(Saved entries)
________

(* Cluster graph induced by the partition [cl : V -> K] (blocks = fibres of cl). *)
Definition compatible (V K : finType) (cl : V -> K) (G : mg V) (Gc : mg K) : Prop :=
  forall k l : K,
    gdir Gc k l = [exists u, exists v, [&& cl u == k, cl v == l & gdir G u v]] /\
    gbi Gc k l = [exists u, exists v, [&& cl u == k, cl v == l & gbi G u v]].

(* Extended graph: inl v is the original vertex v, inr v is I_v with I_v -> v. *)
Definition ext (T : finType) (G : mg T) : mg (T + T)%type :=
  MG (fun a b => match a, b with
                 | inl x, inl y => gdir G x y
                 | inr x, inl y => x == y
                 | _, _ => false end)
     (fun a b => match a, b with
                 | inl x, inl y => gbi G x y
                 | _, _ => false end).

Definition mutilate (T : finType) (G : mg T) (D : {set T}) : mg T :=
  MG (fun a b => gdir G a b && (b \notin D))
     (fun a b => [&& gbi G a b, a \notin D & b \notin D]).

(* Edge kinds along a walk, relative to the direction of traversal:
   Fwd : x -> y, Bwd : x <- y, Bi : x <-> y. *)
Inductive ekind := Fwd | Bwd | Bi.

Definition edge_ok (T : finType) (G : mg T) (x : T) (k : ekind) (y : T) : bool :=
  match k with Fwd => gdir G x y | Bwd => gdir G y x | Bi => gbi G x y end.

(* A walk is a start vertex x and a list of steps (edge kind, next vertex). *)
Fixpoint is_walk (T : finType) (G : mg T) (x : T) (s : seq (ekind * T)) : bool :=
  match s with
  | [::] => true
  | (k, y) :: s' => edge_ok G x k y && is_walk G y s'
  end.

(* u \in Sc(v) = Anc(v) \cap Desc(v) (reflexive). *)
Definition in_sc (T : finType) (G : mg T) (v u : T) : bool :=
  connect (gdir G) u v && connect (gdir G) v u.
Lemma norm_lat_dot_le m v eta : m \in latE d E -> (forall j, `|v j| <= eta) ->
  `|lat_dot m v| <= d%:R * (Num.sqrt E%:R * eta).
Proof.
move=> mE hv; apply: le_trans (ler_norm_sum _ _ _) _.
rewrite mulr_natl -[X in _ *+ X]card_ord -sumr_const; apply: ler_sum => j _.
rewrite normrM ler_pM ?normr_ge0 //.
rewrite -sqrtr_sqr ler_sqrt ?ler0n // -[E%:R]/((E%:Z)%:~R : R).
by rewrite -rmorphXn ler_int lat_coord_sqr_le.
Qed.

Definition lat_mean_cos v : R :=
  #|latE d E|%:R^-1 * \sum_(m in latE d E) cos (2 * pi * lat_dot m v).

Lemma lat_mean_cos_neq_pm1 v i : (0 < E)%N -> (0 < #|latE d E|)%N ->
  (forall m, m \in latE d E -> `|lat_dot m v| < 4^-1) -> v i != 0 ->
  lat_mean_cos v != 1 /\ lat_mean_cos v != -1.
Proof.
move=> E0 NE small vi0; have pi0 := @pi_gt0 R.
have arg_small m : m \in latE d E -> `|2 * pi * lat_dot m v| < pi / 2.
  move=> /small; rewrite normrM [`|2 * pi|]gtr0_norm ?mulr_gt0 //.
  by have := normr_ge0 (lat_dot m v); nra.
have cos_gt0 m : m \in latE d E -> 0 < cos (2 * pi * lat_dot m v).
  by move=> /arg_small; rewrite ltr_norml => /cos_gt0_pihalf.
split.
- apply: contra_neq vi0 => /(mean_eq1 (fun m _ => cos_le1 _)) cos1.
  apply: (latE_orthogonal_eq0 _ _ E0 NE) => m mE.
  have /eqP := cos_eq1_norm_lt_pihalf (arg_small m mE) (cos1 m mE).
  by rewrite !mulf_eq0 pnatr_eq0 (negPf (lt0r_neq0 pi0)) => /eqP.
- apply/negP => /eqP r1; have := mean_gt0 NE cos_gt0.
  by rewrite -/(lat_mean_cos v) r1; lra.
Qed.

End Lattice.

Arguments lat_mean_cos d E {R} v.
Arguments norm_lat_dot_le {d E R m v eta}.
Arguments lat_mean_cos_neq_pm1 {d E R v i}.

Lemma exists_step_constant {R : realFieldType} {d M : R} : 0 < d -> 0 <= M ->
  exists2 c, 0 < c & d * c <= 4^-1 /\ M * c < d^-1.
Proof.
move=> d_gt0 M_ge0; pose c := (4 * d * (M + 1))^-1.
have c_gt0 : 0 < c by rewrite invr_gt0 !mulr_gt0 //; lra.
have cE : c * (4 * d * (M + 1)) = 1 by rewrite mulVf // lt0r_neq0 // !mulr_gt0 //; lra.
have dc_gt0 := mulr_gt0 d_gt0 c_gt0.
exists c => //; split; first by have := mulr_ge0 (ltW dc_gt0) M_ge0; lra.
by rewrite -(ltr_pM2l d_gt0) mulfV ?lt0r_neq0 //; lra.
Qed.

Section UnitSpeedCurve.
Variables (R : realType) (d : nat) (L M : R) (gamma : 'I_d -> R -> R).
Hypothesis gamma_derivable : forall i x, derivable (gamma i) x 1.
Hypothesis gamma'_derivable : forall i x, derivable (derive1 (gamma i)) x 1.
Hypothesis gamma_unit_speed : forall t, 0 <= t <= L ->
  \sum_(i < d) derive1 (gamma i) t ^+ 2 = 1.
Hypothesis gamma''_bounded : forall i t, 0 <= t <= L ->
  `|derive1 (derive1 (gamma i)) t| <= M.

________

◆ **Task brief**
Copy every entry exactly, missing none.

◆ **Response below**
(* Cluster graph induced by the partition [cl : V -> K] (blocks = fibres of cl). *)
Definition compatible (V K : finType) (cl : V -> K) (G : mg V) (Gc : mg K) : Prop :=
  forall k l : K,
    gdir Gc k l = [exists u, exists v, [&& cl u == k, cl v == l & gdir G u v]] /\
    gbi Gc k l = [exists u, exists v, [&& cl u == k, cl v == l & gbi G u v]].

(* Extended graph: inl v is the original vertex v, inr v is I_v with I_v -> v. *)
Definition ext (T : finType) (G : mg T) : mg (T + T)%type :=
  MG (fun a b => match a, b with
                 | inl x, inl y => gdir G x y
                 | inr x, inl y => x == y
                 | _, _ => false end)
     (fun a b => match a, b with
                 | inl x, inl y => gbi G x y
                 | _, _ => false end).

Definition mutilate (T : finType) (G : mg T) (D : {set T}) : mg T :=
  MG (fun a b => gdir G a b && (b \notin D))
     (fun a b => [&& gbi G a b, a \notin D & b \notin D]).

(* Edge kinds along a walk, relative to the direction of traversal:
   Fwd : x -> y, Bwd : x <- y, Bi : x <-> y. *)
Inductive ekind := Fwd | Bwd | Bi.

Definition edge_ok (T : finType) (G : mg T) (x : T) (k : ekind) (y : T) : bool :=
  match k with Fwd => gdir G x y | Bwd => gdir G y x | Bi => gbi G x y end.

(* A walk is a start vertex x and a list of steps (edge kind, next vertex). *)
Fixpoint is_walk (T : finType) (G : mg T) (x : T) (s : seq (ekind * T)) : bool :=
  match s with
  | [::] => true
  | (k, y) :: s' => edge_ok G x k y && is_walk G y s'
  end.

(* u \in Sc(v) = Anc(v) \cap Desc(v) (reflexive). *)
Definition in_sc (T : finType) (G : mg T) (v u : T) : bool :=
  connect (gdir G) u v && connect (gdir G) v u.
Lemma norm_lat_dot_le m v eta : m \in latE d E -> (forall j, `|v j| <= eta) ->
  `|lat_dot m v| <= d%:R * (Num.sqrt E%:R * eta).
Proof.
move=> mE hv; apply: le_trans (ler_norm_sum _ _ _) _.
rewrite mulr_natl -[X in _ *+ X]card_ord -sumr_const; apply: ler_sum => j _.
rewrite normrM ler_pM ?normr_ge0 //.
rewrite -sqrtr_sqr ler_sqrt ?ler0n // -[E%:R]/((E%:Z)%:~R : R).
by rewrite -rmorphXn ler_int lat_coord_sqr_le.
Qed.

Definition lat_mean_cos v : R :=
  #|latE d E|%:R^-1 * \sum_(m in latE d E) cos (2 * pi * lat_dot m v).

Lemma lat_mean_cos_neq_pm1 v i : (0 < E)%N -> (0 < #|latE d E|)%N ->
  (forall m, m \in latE d E -> `|lat_dot m v| < 4^-1) -> v i != 0 ->
  lat_mean_cos v != 1 /\ lat_mean_cos v != -1.
Proof.
move=> E0 NE small vi0; have pi0 := @pi_gt0 R.
have arg_small m : m \in latE d E -> `|2 * pi * lat_dot m v| < pi / 2.
  move=> /small; rewrite normrM [`|2 * pi|]gtr0_norm ?mulr_gt0 //.
  by have := normr_ge0 (lat_dot m v); nra.
have cos_gt0 m : m \in latE d E -> 0 < cos (2 * pi * lat_dot m v).
  by move=> /arg_small; rewrite ltr_norml => /cos_gt0_pihalf.
split.
- apply: contra_neq vi0 => /(mean_eq1 (fun m _ => cos_le1 _)) cos1.
  apply: (latE_orthogonal_eq0 _ _ E0 NE) => m mE.
  have /eqP := cos_eq1_norm_lt_pihalf (arg_small m mE) (cos1 m mE).
  by rewrite !mulf_eq0 pnatr_eq0 (negPf (lt0r_neq0 pi0)) => /eqP.
- apply/negP => /eqP r1; have := mean_gt0 NE cos_gt0.
  by rewrite -/(lat_mean_cos v) r1; lra.
Qed.

End Lattice.

Arguments lat_mean_cos d E {R} v.
Arguments norm_lat_dot_le {d E R m v eta}.
Arguments lat_mean_cos_neq_pm1 {d E R v i}.

Lemma exists_step_constant {R : realFieldType} {d M : R} : 0 < d -> 0 <= M ->
  exists2 c, 0 < c & d * c <= 4^-1 /\ M * c < d^-1.
Proof.
move=> d_gt0 M_ge0; pose c := (4 * d * (M + 1))^-1.
have c_gt0 : 0 < c by rewrite invr_gt0 !mulr_gt0 //; lra.
have cE : c * (4 * d * (M + 1)) = 1 by rewrite mulVf // lt0r_neq0 // !mulr_gt0 //; lra.
have dc_gt0 := mulr_gt0 d_gt0 c_gt0.
exists c => //; split; first by have := mulr_ge0 (ltW dc_gt0) M_ge0; lra.
by rewrite -(ltr_pM2l d_gt0) mulfV ?lt0r_neq0 //; lra.
Qed.

Section UnitSpeedCurve.
Variables (R : realType) (d : nat) (L M : R) (gamma : 'I_d -> R -> R).
Hypothesis gamma_derivable : forall i x, derivable (gamma i) x 1.
Hypothesis gamma'_derivable : forall i x, derivable (derive1 (gamma i)) x 1.
Hypothesis gamma_unit_speed : forall t, 0 <= t <= L ->
  \sum_(i < d) derive1 (gamma i) t ^+ 2 = 1.
Hypothesis gamma''_bounded : forall i t, 0 <= t <= L ->
  `|derive1 (derive1 (gamma i)) t| <= M.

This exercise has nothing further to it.